▶ Input data:
Lemma no_improving_cycle (o o' : outcome) : ~~ (flip N o o' && connect (flip N) o' o).
Proof.
apply/negP => /andP[oo' /connectP[p o'p o_last]].
set s := o' :: p.
have os : path (flip N) o s by rewrite /= oo'.
have last_o : last o s = o by rewrite /= -o_last.
pose F := [set u | has (fun y : outcome => y u != o u) s].
have [i [_ oi _]] := flipP oo'.
have iF : i \in F by rewrite inE /= eq_sym oi.
have [v vF v_parentless] := exists_parentless iF.
have cpt_const : {in o :: s, forall y, cpt N v y = cpt N v o}.
  move=> y ys; apply: Nlocal => u uv; have := v_parentless u uv.
  rewrite inE => /hasPn s_u; case/predU1P: ys => [-> // | ys].
  by have := s_u y ys; rewrite negbK => /eqP.
have [all_c last_c] := path_flip_settles os cpt_const.
move: vF; rewrite inE => has_v.
have ov : o v = cpt N v o by rewrite -{1}last_o last_c.
have /allP s_c := all_c ov.
by case/hasP: has_v => y ys; rewrite (eqP (s_c y ys)) -ov eqxx.
Qed.

Section Swap.
Variables (j : 'I_n) (a b : outcome).
Hypotheses (ab_off : forall l, l != j -> a l = b l) (ab_j : a j != b j).

Lemma cpt_swap_eq : cpt N j a = cpt N j b.
Proof.
apply: Nlocal => l lj; apply: ab_off; apply: contraTneq lj => ->; exact: Nirr.
Qed.

Lemma flip_swapE : flip N a b = (b j == cpt N j a).
Proof.
apply/idP/idP => [ab | /eqP bj]; first by rewrite (flip_changed ab).
apply/existsP; exists j; rewrite -bj eqxx ab_j /=.
by apply/forallP => l; apply/implyP => lj; rewrite ab_off.
Qed.

End Swap.

Lemma succ_swapE j (a b : outcome) :
  (forall l, l != j -> a l = b l) -> a j != b j -> succ N a b = (a j == cpt N j b).
Proof.
move=> ab_off ab_j.
have ba_off l : l != j -> b l = a l by move/ab_off.
have ba_j : b j != a j by rewrite eq_sym.
case: (boolP (a j == cpt N j b)) => aj.
  by apply/existsP; exists a; rewrite connect0 andbT (flip_swapE ba_off ba_j).
apply/negbTE/existsP => -[o /andP[bo oa]].
have ab : flip N a b.
  rewrite (flip_swapE ab_off ab_j) (cpt_swap_eq ab_off).
  by move: aj ab_j; case: (a j); case: (b j); case: (cpt N j b).
by move/negP: (no_improving_cycle b o); apply; rewrite bo (connect_trans oa (connect1 ab)).
Qed.

End Semantics.

(** * Universal sets *)

Lemma exists_superset_card (T : finType) (A : {set T}) m : #|A| <= m <= #|T| ->
  exists2 B : {set T}, A \subset B & #|B| = m.
Proof.
move=> /andP[]; elim: m => [|m IH] Am mT.
  by exists A => //; apply/eqP; rewrite -leqn0.
case: (ltngtP #|A| m.+1) Am => // [Am _ | <- _]; last by exists A.
have [B AB Bm] := IH Am (ltnW mT).
have : 0 < #|~: B| by rewrite cardsCs setCK Bm; lia.
case/card_gt0P => x; rewrite inE => xB.
exists (x |: B); first exact: subset_trans AB (subsetUr _ _).
by rewrite cardsU1 xB Bm.
Qed.

Section ZeroOff.
Variable T : finType.

Definition zero_off (K : {set T}) (f : {ffun T -> bool}) : {ffun T -> bool} :=
  [ffun l => if l \in K then f l else false].

Lemma zero_off_pffun (K : {set T}) f : zero_off K f \in pffun_on false K (@predT bool).
Proof.
apply/pffun_onP; split=> //; apply/subsetP => l.
by rewrite inE ffunE; case: (l \in K).
Qed.

Lemma card_zero_off_range (K : {set T}) : #|pffun_on false K (@predT bool)| = 2 ^ #|K|.
Proof. by rewrite card_pffun_on card_bool. Qed.

Lemma card_zero_off_image (K : {set T}) :
  #|[set zero_off K f | f : {ffun T -> bool}]| <= 2 ^ #|K|.
Proof.
rewrite -card_zero_off_range; apply/subset_leq_card/subsetP => _ /imsetP[f _ ->].
exact: zero_off_pffun.
Qed.

End ZeroOff.

Section Universal.
Variables (m k : nat) (S : {set {ffun 'I_m -> bool}}).
Hypotheses (S_univ : universal k S) (km : k <= m).

Lemma universal_realizes (K : {set 'I_m}) (v : {ffun 'I_m -> bool}) : #|K| <= k ->
  exists2 s, s \in S & {in K, s =1 v}.
Proof.
move=> Kk; have [K' KK' K'k] : exists2 K' : {set 'I_m}, K \subset K' & #|K'| = k.
  by apply: exists_superset_card; rewrite Kk card_ord.
have /forallP/(_ K') := S_univ; rewrite K'k eqxx => /forallP/(_ v)/existsP[s].
case/andP=> sS /forallP sv; exists s => // l lK.
by have := sv l; rewrite (subsetP KK' l lK) => /eqP.
Qed.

▶ Work task: Return each line from the entries above that includes "first".

▶ Task solution:
apply/idP/idP => [ab | /eqP bj]; first by rewrite (flip_changed ab).
exists (x |: B); first exact: subset_trans AB (subsetUr _ _).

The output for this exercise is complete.